Freezing is one of many torture methods devised by the authorities in their attempts to force practitioners to renounce their beliefs. Practitioners were left to freeze either outdoors or indoors for extended periods of time. This is used in conjunction with other forms of torture to increase practitioners' suffering.
Practitioners subjected to the freezing torture often sustained serious injuries. Some died as a result, while others had toes or legs amputated.
Freezing and humiliation in prisons
Shortly after 8:00 p.m. on February 8th, 2000, guards at the Kaifeng City Detention Centre in Henan Province yelled, "Falun Gong! Come out and practise your exercises!" It was freezing cold, with bone-chilling winds. Policemen poured basins of water on the snow-covered ground and then forced practitioners, barefoot and dressed only in underwear, to meditate on the ground. Some were even forced to sit on the snow bank by a wall. The guards didn't even spare practitioners who were having their periods.

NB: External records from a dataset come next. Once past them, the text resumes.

(* Give each cylinder row a frontier: the column of the box of that row that
   received a letter last. Every action puts a letter strictly to the right of
   the frontier of its row and moves the frontier there, so within a row the
   boxes receiving letters move rightwards in time. The reason is an invariant
   on letters: the letters queued for a row are weakly increasing, each is at
   most the letter sent last towards that row, and that letter is at most every
   entry to the right of the frontier of the row above.
   Independently, the queues serve the routes in rounds: the j-th extension of a
   route happens in round j, and inside a round the routes are served in the
   processing order of their starting boxes, because moving letters from one
   queue to the next preserves that order.
   If G_1 < H_1 and both routes meet plane row r, then H got there in an earlier
   round than G, or in the same round but served first since H_1 lies left of
   G_1 in the same row. So the event creating H(r) comes first, and H(r), in the
   same cylinder row, lies strictly left of G(r). *)

Definition updi (A : Type) (f : int -> A) (x : int) (v : A) : int -> A :=
  fun y => if y == x then v else f y.

Lemma updE (A : Type) (f : box -> A) B v B' :
  upd f B v B' = if B' == B then v else f B'.
Proof. by []. Qed.

Lemma updiE (A : Type) (f : int -> A) x v y :
  updi f x v y = if y == x then v else f y.
Proof. by []. Qed.

Lemma upd_true (f : box -> bool) B X : f X -> upd f B true X.
Proof. by rewrite updE; case: eqP. Qed.
(* Let $X$ be a finite set, $f:2^X\to\mathbb{R}_{\ge 0}$ a normalized monotone submodular function, $n\ge1$ an integer with $n\le|X|$, and $S^*\in\arg\max_{S\subseteq X,\,|S|\le n} f(S)$. Let $x_1,\dots,x_n\in X$ be distinct, set $S_0=\emptyset$, $S_i=\{x_1,\dots,x_i\}$, $S=S_n$, and let $\alpha_1,\dots,\alpha_n$ be positive reals such that for every $i\in\{1,\dots,n\}$, \[ \alpha_i\, f(x_i\mid S_{i-1}) \ \ge\ \max_{x\in X\setminus S_{i-1}} f(x\mid S_{i-1}). \] Then \[ f(S)\ \ge\ \left(1-e^{-\frac{1}{n}\sum_{i=1}^n \frac{1}{\alpha_i}}\right) f(S^* ). \]
   Context: For $A\subseteq X$ and $x\in X$, $f(x\mid A):=f(A\cup\{x\})-f(A)$, and $f(x):=f(\{x\})$. Submodular: $f(x\mid A)\ge f(x\mid B)$ for all $A\subseteq B\subseteq X$, $x\in X\setminus B$; monotone: $f(A)\le f(B)$ for $A\subseteq B$; normalized: $f(\emptyset)=0$. *)

From HB Require Import structures.
From mathcomp Require Import all_boot all_order all_algebra.
From mathcomp Require Import reals sequences exp.
Set Implicit Arguments. Unset Strict Implicit. Unset Printing Implicit Defensive.
Import Order.TTheory GRing.Theory Num.Theory.
Local Open Scope ring_scope.

Definition marg (R : realType) (X : finType) (f : {set X} -> R)
  (x : X) (A : {set X}) : R := f (x |: A) - f A.

Definition normalized (R : realType) (X : finType) (f : {set X} -> R) :=
  f set0 = 0.

Definition monotone (R : realType) (X : finType) (f : {set X} -> R) :=
  forall A B : {set X}, A \subset B -> f A <= f B.

Definition submodular (R : realType) (X : finType) (f : {set X} -> R) :=
  forall (A B : {set X}) (x : X), A \subset B -> x \notin B ->
    marg f x B <= marg f x A.

(* S_i = {x_1, ..., x_i}; with 0-based indices j : 'I_n, x_{j+1} = x j,
   so gprefix x i = [set x j | j < i]. *)
Definition gprefix (X : finType) (n : nat) (x : 'I_n -> X) (i : nat) : {set X} :=
  [set x j | j : 'I_n & (j < i)%N].

From HB Require Import structures.
From mathcomp Require Import all_boot all_order all_algebra.
From mathcomp Require Import reals sequences exp.
From mathcomp Require Import ring lra.
Import Order.TTheory GRing.Theory Num.Theory.
Local Open Scope ring_scope.

(* Write S_k for the greedy prefix {x_0, ..., x_(k-1)} and
   d_k := f(S^* ) - f(S_k) for the remaining gap to the optimum.
   1. Submodularity gives the union bound
        f(B ∪ A) <= f(A) + sum_(y in B) f(y | A).
   2. Applied with A := S_k and B := S^*, and combined with the
      alpha-approximate greedy choice, it yields
        d_k <= n alpha_k (f(S_(k+1)) - f(S_k)) = n alpha_k (d_k - d_(k+1)).
   3. A purely real lemma turns the recurrence c_k d_k <= d_k - d_(k+1)
      (with d nonincreasing) into d_k <= exp(-sum_(j<k) c_j) d_0,
      using 1 - c <= exp(-c).
   With c_k := 1 / (n alpha_k) and d_0 = f(S^* ) the theorem follows.
   The argument only uses #|S^*| <= n and f(S^* ) >= 0, not the optimality
   of S^*, the injectivity of x, or n <= #|X|. *)

Section MarginalGains.
Context {R : realType} {X : finType} {f : {set X} -> R}.
Hypotheses (f_mono : monotone f) (f_sub : submodular f).

Lemma marg_ge0 (y : X) (A : {set X}) : 0 <= marg f y A.
Proof. by rewrite /marg subr_ge0; apply: f_mono; apply: subsetUr. Qed.

Lemma marg_in (y : X) (A : {set X}) : y \in A -> marg f y A = 0.
Proof. by move=> yA; rewrite /marg (setUidPr _) ?subrr // sub1set. Qed.

Lemma marg_antitone (A B : {set X}) (y : X) :
  A \subset B -> marg f y B <= marg f y A.
Proof.
move=> AB; have [yB | yNB] := boolP (y \in B); last exact: f_sub.
by rewrite marg_in // marg_ge0.
Qed.

Lemma union_bound (A B : {set X}) :
  f (B :|: A) <= f A + \sum_(y in B) marg f y A.
Proof.
move: {2}#|B| (erefl #|B|) => k; elim: k B => [|k IH] B cardB.
  by move/eqP: cardB; rewrite cards_eq0 => /eqP ->; rewrite set0U big_set0 addr0.
have [y yB] : exists y, y \in B by apply/card_gt0P; rewrite cardB.
have cardBy : #|B :\ y| = k by move: cardB; rewrite (cardsD1 y) yB => -[].
have -> : B :|: A = y |: ((B :\ y) :|: A) by rewrite setUA setD1K.
rewrite (big_setD1 y yB) /= -(subrK (f ((B :\ y) :|: A)) (f (y |: _))).
rewrite addrCA -/(marg f y _); apply: lerD; last exact: IH.
by apply: marg_antitone; apply: subsetUr.
Qed.

Lemma gap_le_card_bound (A T : {set X}) (g : R) :
  0 <= g -> (forall y, y \notin A -> marg f y A <= g) ->
  f T - f A <= #|T|%:R * g.
Proof.
move=> g_ge0 gain_le; rewrite lerBlDl.
have fT : f T <= f (T :|: A) by apply: f_mono; apply: subsetUl.
apply: (le_trans fT); apply: (le_trans (union_bound A T)).
rewrite lerD2l -sum1_card natr_sum mulr_suml; apply: ler_sum => y _.
rewrite mul1r; have [yA | yNA] := boolP (y \in A); last exact: gain_le.
by rewrite marg_in.
Qed.

End MarginalGains.

Lemma gap_decay {R : realType} (d c : nat -> R) (N : nat) :
  0 <= d 0%N ->
  (forall k, (k < N)%N -> d k.+1 <= d k) ->
  (forall k, (k < N)%N -> c k * d k <= d k - d k.+1) ->
  forall k, (k <= N)%N -> d k <= expR (- \sum_(j < k) c j) * d 0%N.
Proof.
move=> d0_ge0 d_noninc d_step; elim=> [|k IH] kN.
  by rewrite big_ord0 oppr0 expR0 mul1r.
have {}IH := IH (ltnW kN).
have rhs_ge0 : 0 <= expR (- \sum_(j < k.+1) c j) * d 0%N.
  by rewrite mulr_ge0 ?expR_ge0.
have [dk_le0 | dk_gt0] := lerP (d k) 0.
  exact: le_trans (d_noninc k kN) (le_trans dk_le0 rhs_ge0).
have one_step : d k.+1 <= (1 - c k) * d k.
  by rewrite mulrBl mul1r lerBrDr -lerBrDl d_step.
have exp_bound : (1 - c k) * d k <= expR (- c k) * d k.
  by rewrite ler_pM2r // expR_ge1Dx.
rewrite big_ord_recr /= opprD expRD (mulrC (expR _)) -mulrA.
apply: (le_trans one_step); apply: (le_trans exp_bound).
by rewrite ler_pM2l ?expR_gt0.
Qed.

Lemma gprefix0 {X : finType} {n : nat} (x : 'I_n -> X) : gprefix x 0 = set0.
Proof. by apply/setP => z; rewrite inE; apply/imsetP => -[j]; rewrite inE. Qed.

Lemma gprefixS {X : finType} {n : nat} (x : 'I_n -> X) (i : 'I_n) :
  gprefix x i.+1 = x i |: gprefix x i.
Proof.
apply/setP => z; rewrite /gprefix !inE; apply/imsetP/orP.
  case=> j; rewrite inE ltnS leq_eqVlt => /orP [/eqP/val_inj -> -> | ji ->].
    by left.
  by right; apply/imsetP; exists j; rewrite ?inE.
case=> [/eqP -> | /imsetP [j]]; first by exists i; rewrite ?inE.
by rewrite inE => ji ->; exists j; rewrite // inE ltnS ltnW.
Qed.

Lemma gprefix_subS {X : finType} {n : nat} (x : 'I_n -> X) (k : nat) :
  gprefix x k \subset gprefix x k.+1.
Proof.
apply/subsetP => z /imsetP [j]; rewrite inE => jk ->.
by apply/imsetP; exists j; rewrite // inE ltnW.
Qed.

Lemma greedy_gap {R : realType} {X : finType} {f : {set X} -> R} {n : nat}
    (f_mono : monotone f) (f_sub : submodular f)
    {x : 'I_n -> X} {i : 'I_n} {a : R} (T : {set X}) (T_card : (#|T| <= n)%N) :
  0 < a ->
  (forall y, y \notin gprefix x i ->
     marg f y (gprefix x i) <= a * marg f (x i) (gprefix x i)) ->
  f T - f (gprefix x i) <= n%:R * a * marg f (x i) (gprefix x i).
Proof.
move=> a_gt0 greedy_i.
have g_ge0 : 0 <= a * marg f (x i) (gprefix x i).
  by rewrite mulr_ge0 ?marg_ge0 // ltW.
apply: le_trans (gap_le_card_bound f_mono f_sub _ T _ g_ge0 greedy_i) _.
by rewrite -mulrA ler_wpM2r ?ler_nat.
Qed.

Theorem theorem1 (R : realType) (X : finType) (f : {set X} -> R)
  (f_ge0 : forall A : {set X}, 0 <= f A)
  (f_norm : normalized f) (f_mono : monotone f) (f_sub : submodular f)
  (n : nat) (n_ge1 : (1 <= n)%N) (n_le : (n <= #|X|)%N)
  (Sstar : {set X}) (Sstar_card : (#|Sstar| <= n)%N)
  (Sstar_opt : forall S : {set X}, (#|S| <= n)%N -> f S <= f Sstar)
  (x : 'I_n -> X) (x_inj : injective x)
  (alpha : 'I_n -> R) (alpha_pos : forall i, 0 < alpha i)
  (greedy : forall (i : 'I_n) (y : X), y \notin gprefix x i ->
     marg f y (gprefix x i) <= alpha i * marg f (x i) (gprefix x i)) :
  (1 - expR (- (n%:R^-1 * \sum_(i < n) (alpha i)^-1))) * f Sstar
    <= f (gprefix x n).
Proof.
pose d k := f Sstar - f (gprefix x k).
pose c k := if insub k is Some i then (n%:R * alpha i)^-1 else 0.
have d_noninc k : (k < n)%N -> d k.+1 <= d k.
  by move=> _; rewrite lerD2l lerN2 f_mono ?gprefix_subS.
have d_step k : (k < n)%N -> c k * d k <= d k - d k.+1.
  move=> kn; rewrite /c; pose i := Ordinal kn.
  have scale_pos : 0 < n%:R * alpha i by rewrite mulr_gt0 ?ltr0n.
  have gain : d k - d k.+1 = marg f (x i) (gprefix x i).
    by rewrite /d /marg -(gprefixS x i); ring.
  have gap : d k <= n%:R * alpha i * marg f (x i) (gprefix x i)
    := greedy_gap f_mono f_sub Sstar Sstar_card (alpha_pos i) (greedy i).
  have -> : insub k = Some i by rewrite -[k]/(val i) valK.
  rewrite gain -(ler_pM2l scale_pos) mulrA mulfV ?gt_eqF //.
  by rewrite mul1r.
have d0 : d 0%N = f Sstar by rewrite /d gprefix0 f_norm subr0.
have d0_ge0 : 0 <= d 0%N by rewrite d0.
have := gap_decay d c n d0_ge0 d_noninc d_step n (leqnn n).
have -> : \sum_(j < n) c j = n%:R^-1 * \sum_(i < n) (alpha i)^-1.
  by rewrite mulr_sumr; apply: eq_bigr => i _; rewrite /c valK invfM.
rewrite d0 mulrBl mul1r /d; lra.
Qed.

Wearing heavy coats and holding police clubs and torches, the drunken guards shouted, "You want to practise? Then go ahead. Do it!" They had fourteen practitioners, from 20 to 58 years old, on the ground. The guards and their supervisors filled the courtyard and continually threatened practitioners with their clubs.
The practitioners who had been ordered to stay inside recited Falun Dafa's articles in strong voices to encourage the practitioners outside. At the same time, they repeatedly asked the guards to stop their brutality. However, the guards packed ice on the hands and heads of the practitioners, and yelled, "Let's see how you practise! No one is allowed to see doctors!"
Practitioners sat quietly on the frozen ground. The torture lasted until midnight. Fearing that some practitioners would die, the police carried the practitioners inside one by one. The lower bodies of many of them were already numb from the cold. As soon as they were brought in, the practitioners who had been kept inside hurried to warm them with their own bodies.
The next morning, people saw a row of depressions in the ice, marking the places where the practitioners had been tortured. The ice did not melt until several days later. Afraid of having their crimes exposed, officials of the detention centre did not allow any practitioners to go outside for a break the next day (source).